Se non si apre il vaso di Pandora…

Pubblichiamo, tradotta, l’intervista rilasciata ad Elisabetta Piqué per il quotidiano argentino “La Nación” del 21 ottobre, dall’arcivescovo Víctor Manuel Fernández, rettore dell’Università Cattolica di Buenos Aires, amico stretto di Papa Francesco e da lui fortemente voluto a questo sinodo e da lui incaricato di scrivere sia il messaggio che la Relatio finali. Per i commenti: coming soon…
- Questo è stato il suo primo sinodo: che cosa l’ha colpita di più?
- Mi ha colpito poter discutere con persone di tutto il mondo. Al mio fianco era seduto il presidente della Conferenza Episcopale dell’India e dall’altro lato quello del Vietnam. Mi ha lasciato molto arricchito, e credo che adesso posso mettere a confronto i diversi argomenti con maggiore ricchezza di prospettiva. Mi ha parimenti colpito che il Papa ci abbia pregato di parlare con massima sincerità e chiarezza senza aver paura “di nessuno”. Mi ha abbagliato la sua pazienza di esser rimasto seduto dalla mattina alla sera, ascoltando attentamente tutti. Mentre alcuni russavano e altri si lamentavano del male alla schiena, lui osservava, sorrideva, annotava. I vescovi che avevano partecipato ai sinodi precedenti, erano felici, perché dicevano che durante questi giorni si è potuto discutere con i piedi sulla terra e si son potuti mettere sul tavolo problemi che negli ultimi anni non si potevano esporre in modo così diretto. Nessuno ha esitato di parlare delle difficoltà concrete che ci sono nei diversi luoghi per vivere tutto quello che la Chiesa insegna.
- Si aspettava che ci sarebbe stata tanata divisione sulla questione dei divorziati-risposati?
- In verità, pensavo che questo tema non sarebbe stato trattato o che lo si sarebbe menzionato solo di sfuggita, perché c’erano molti altri argomenti che ci preoccupavano di più. Ciò che colpisce di più, è che la possibilità che alcuni divorziati-risposati possano comunicarsi sia stata sollevata da molti vescovi. Io non parlerei di divisione, perché quelli che lo hanno sollevato, lo hanno fatto con molta prudenza, lasciando ben chiara l’indissolubilità del matrimonio, e quelli che si opponevano lo facevano pensando al bene delle famiglie e dei figli. C’era solo un gruppo di sei o sette, molto fanatici ed aggressivi, che non rappresentavano nemmeno il 5% del totale.

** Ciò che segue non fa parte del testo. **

(* Let $X$ be a finite semi-permutation, and let $X'\subseteq X$ be any point set obtained from $X$ by repeatedly removing redundant points. Let $Y$ be any feasible solution for $X'$ such that every point of $Y$ lies on a row that is active for $X'$. Then $Y$ is also a feasible solution for $X$.
   Context: Points have integer coordinates. Two points are collinear if they share an $x$- or $y$-coordinate; for non-collinear $p,q$, $\square_{p,q}$ is the smallest closed axis-parallel rectangle containing both; the pair is satisfied in $S$ if some $r\in S\setminus\{p,q\}$ lies in $\square_{p,q}$; $S$ is satisfied if all its non-collinear pairs are. A row is active for $X$ if it contains a point of $X$; $X$ is a semi-permutation if each active row contains exactly one point of $X$. $Y$ is a feasible solution for $X$ if $X\cup Y$ is satisfied. Writing a semi-permutation as $X=\{p_1,\dots,p_m\}$ with $p_1.y<\dots<p_m.y$, a point $p_i$ (with $1<i<m$) is redundant if $p_{i-1}.x=p_i.x=p_{i+1}.x$; ''repeatedly removing redundant points'' means iteratively deleting a point that is redundant in the current set. *)

From Stdlib Require Import ZArith List Relations.
Open Scope Z_scope.

Definition pt : Type := (Z * Z)%type.
Definition px (p : pt) : Z := fst p.
Definition py (p : pt) : Z := snd p.

Definition ptset : Type := pt -> Prop.

Definition union (A B : ptset) : ptset := fun p => A p \/ B p.

Definition finite_set (S : ptset) : Prop :=
  exists l : list pt, forall p, S p <-> In p l.

Definition collinear (p q : pt) : Prop := px p = px q \/ py p = py q.

Definition in_rect (p q r : pt) : Prop :=
  Z.min (px p) (px q) <= px r <= Z.max (px p) (px q) /\
  Z.min (py p) (py q) <= py r <= Z.max (py p) (py q).

Definition pair_satisfied (S : ptset) (p q : pt) : Prop :=
  exists r, S r /\ r <> p /\ r <> q /\ in_rect p q r.

Definition satisfied (S : ptset) : Prop :=
  forall p q, S p -> S q -> ~ collinear p q -> pair_satisfied S p q.

Definition active_row (X : ptset) (y : Z) : Prop := exists p, X p /\ py p = y.

Definition semi_permutation (X : ptset) : Prop :=
  forall p q, X p -> X q -> py p = py q -> p = q.

Definition feasible (X Y : ptset) : Prop := satisfied (union X Y).

(* p is redundant in S: its predecessor a and successor b in row order
   (no point of S on a row strictly between) exist and share p's column. *)
Definition redundant (S : ptset) (p : pt) : Prop :=
  S p /\
  exists a b, S a /\ S b /\ py a < py p < py b /\
    (forall r, S r -> ~ (py a < py r < py p)) /\
    (forall r, S r -> ~ (py p < py r < py b)) /\
    px a = px p /\ px p = px b.

Definition remove_step (S S' : ptset) : Prop :=
  exists p, redundant S p /\ forall q, S' q <-> (S q /\ q <> p).

Definition obtained_by_removals (X X' : ptset) : Prop :=
  clos_refl_trans ptset remove_step X X'.

(* When a redundant point p is put back, a pair not
   involving p is still satisfied by its old witness.  A pair (p, q) is
   satisfied by the neighbour of p in column px p (the previous or next
   point of the set in row order) on q's side: q lies on an active row, and
   no active row lies strictly between p and that neighbour, so the
   neighbour's row is between those of p and q. *)
From Pilot Require Import Defs.
From Stdlib Require Import ZArith Relations Lia Classical.

Lemma in_rect_sym (p q r : pt) : in_rect p q r -> in_rect q p r.
Proof. unfold in_rect; lia. Qed.

Lemma pair_satisfied_sym (S : ptset) (p q : pt) :
  pair_satisfied S p q -> pair_satisfied S q p.
Proof.
  intros (r & Sr & rp & rq & Hr).
  exists r; auto using in_rect_sym.
Qed.

Lemma pair_satisfied_mono (S T : ptset) (p q : pt) :
  (forall r, S r -> T r) -> pair_satisfied S p q -> pair_satisfied T p q.
Proof. intros ST (r & Sr & Hr). exists r; auto. Qed.

Lemma active_row_mono (S T : ptset) (y : Z) :
  (forall r, S r -> T r) -> active_row S y -> active_row T y.
Proof. intros ST (r & Sr & Hr). exists r; auto. Qed.

Lemma redundant_pair_satisfied (S : ptset) (p q : pt) :
  redundant S p -> active_row S (py q) -> ~ collinear p q ->
  pair_satisfied S p q.
Proof.
  intros (_ & a & b & Sa & Sb & Hab & gap_a & gap_b & xa & xb) (s & Ss & ys) Hpq.
  assert (Hy : py q <> py p) by (intro; apply Hpq; right; auto).
  assert (Hx : px q <> px p) by (intro; apply Hpq; left; auto).
  destruct (Z_lt_ge_dec (py q) (py p)) as [below | above].
  - assert (py q <= py a) by (apply Z.nlt_ge; intro; apply (gap_a s Ss); lia).
    exists a; repeat split; auto;
      [intros <-; lia | intros <-; lia | unfold in_rect; lia..].
  - assert (py b <= py q) by (apply Z.nlt_ge; intro; apply (gap_b s Ss); lia).
    exists b; repeat split; auto;
      [intros <-; lia | intros <-; lia | unfold in_rect; lia..].
Qed.

Lemma remove_step_subset (S S' : ptset) :
  remove_step S S' -> forall q, S' q -> S q.
Proof. intros (p & _ & HS') q Hq. apply HS' in Hq. tauto. Qed.

Lemma removals_subset (X X' : ptset) :
  obtained_by_removals X X' -> forall q, X' q -> X q.
Proof.
  induction 1 as [S S' Hstep | | ]; intros q Hq; auto.
  exact (remove_step_subset S S' Hstep q Hq).
Qed.

Lemma remove_step_feasible (S S' Y : ptset) :
  remove_step S S' -> (forall q, Y q -> active_row S' (py q)) ->
  feasible S' Y -> feasible S Y.
Proof.
  intros Hstep HY Hsat q1 q2 H1 H2 Hnc.
  pose proof (remove_step_subset S S' Hstep) as Hsub.
  destruct Hstep as (p & Hp & HS').
  assert (active : forall q, Defs.union S Y q -> active_row S (py q)).
  { intros q [Sq | Yq]; [now exists q |].
    eapply active_row_mono; eauto. }
  assert (Hp_pair : forall q, Defs.union S Y q -> ~ collinear p q ->
                    pair_satisfied (Defs.union S Y) p q).
  { intros q Hq Hpq. apply (pair_satisfied_mono S);
      [intros r Sr; now left | apply redundant_pair_satisfied; auto]. }
  assert (back : forall q, Defs.union S Y q -> q <> p -> Defs.union S' Y q).
  { intros q [Sq | Yq] Hqp; [left; apply HS' | right]; auto. }
  destruct (classic (q1 = p)) as [-> | E1]; [now apply Hp_pair|].
  destruct (classic (q2 = p)) as [-> | E2].
  - apply pair_satisfied_sym, Hp_pair; auto.
    intros [C | C]; apply Hnc; [left | right]; auto.
  - eapply pair_satisfied_mono; [ | apply Hsat; auto].
    intros r [Hr | Hr]; [left; apply Hsub | right]; auto.
Qed.

Theorem lemma6p3 (X X' Y : ptset) :
  finite_set X -> semi_permutation X ->
  obtained_by_removals X X' ->
  finite_set Y ->
  feasible X' Y ->
  (forall q, Y q -> active_row X' (py q)) ->
  feasible X Y.
Proof.
  intros _ _ Hrem _. apply clos_rt_rt1n in Hrem.
  induction Hrem as [| S S1 X' Hstep Hrem IH]; intros Hfeas HY; [assumption|].
  apply (remove_step_feasible S S1 Y Hstep); auto.
  intros q Yq. eapply active_row_mono; [ | apply HY, Yq].
  apply removals_subset, clos_rt1n_rt, Hrem.
Qed.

- Come spiega la marcia indietro che c’è stata sul tema degli omosessuali, che nella bozza [relatio post disceptationem] avevano “doti e qualità da offrire alla comunità cristiana” e che nel documento finale si dice che devono essere accolti “con rispetto e delicatezza”, in un paragrafo che non ha raggiunto il quorum necessario?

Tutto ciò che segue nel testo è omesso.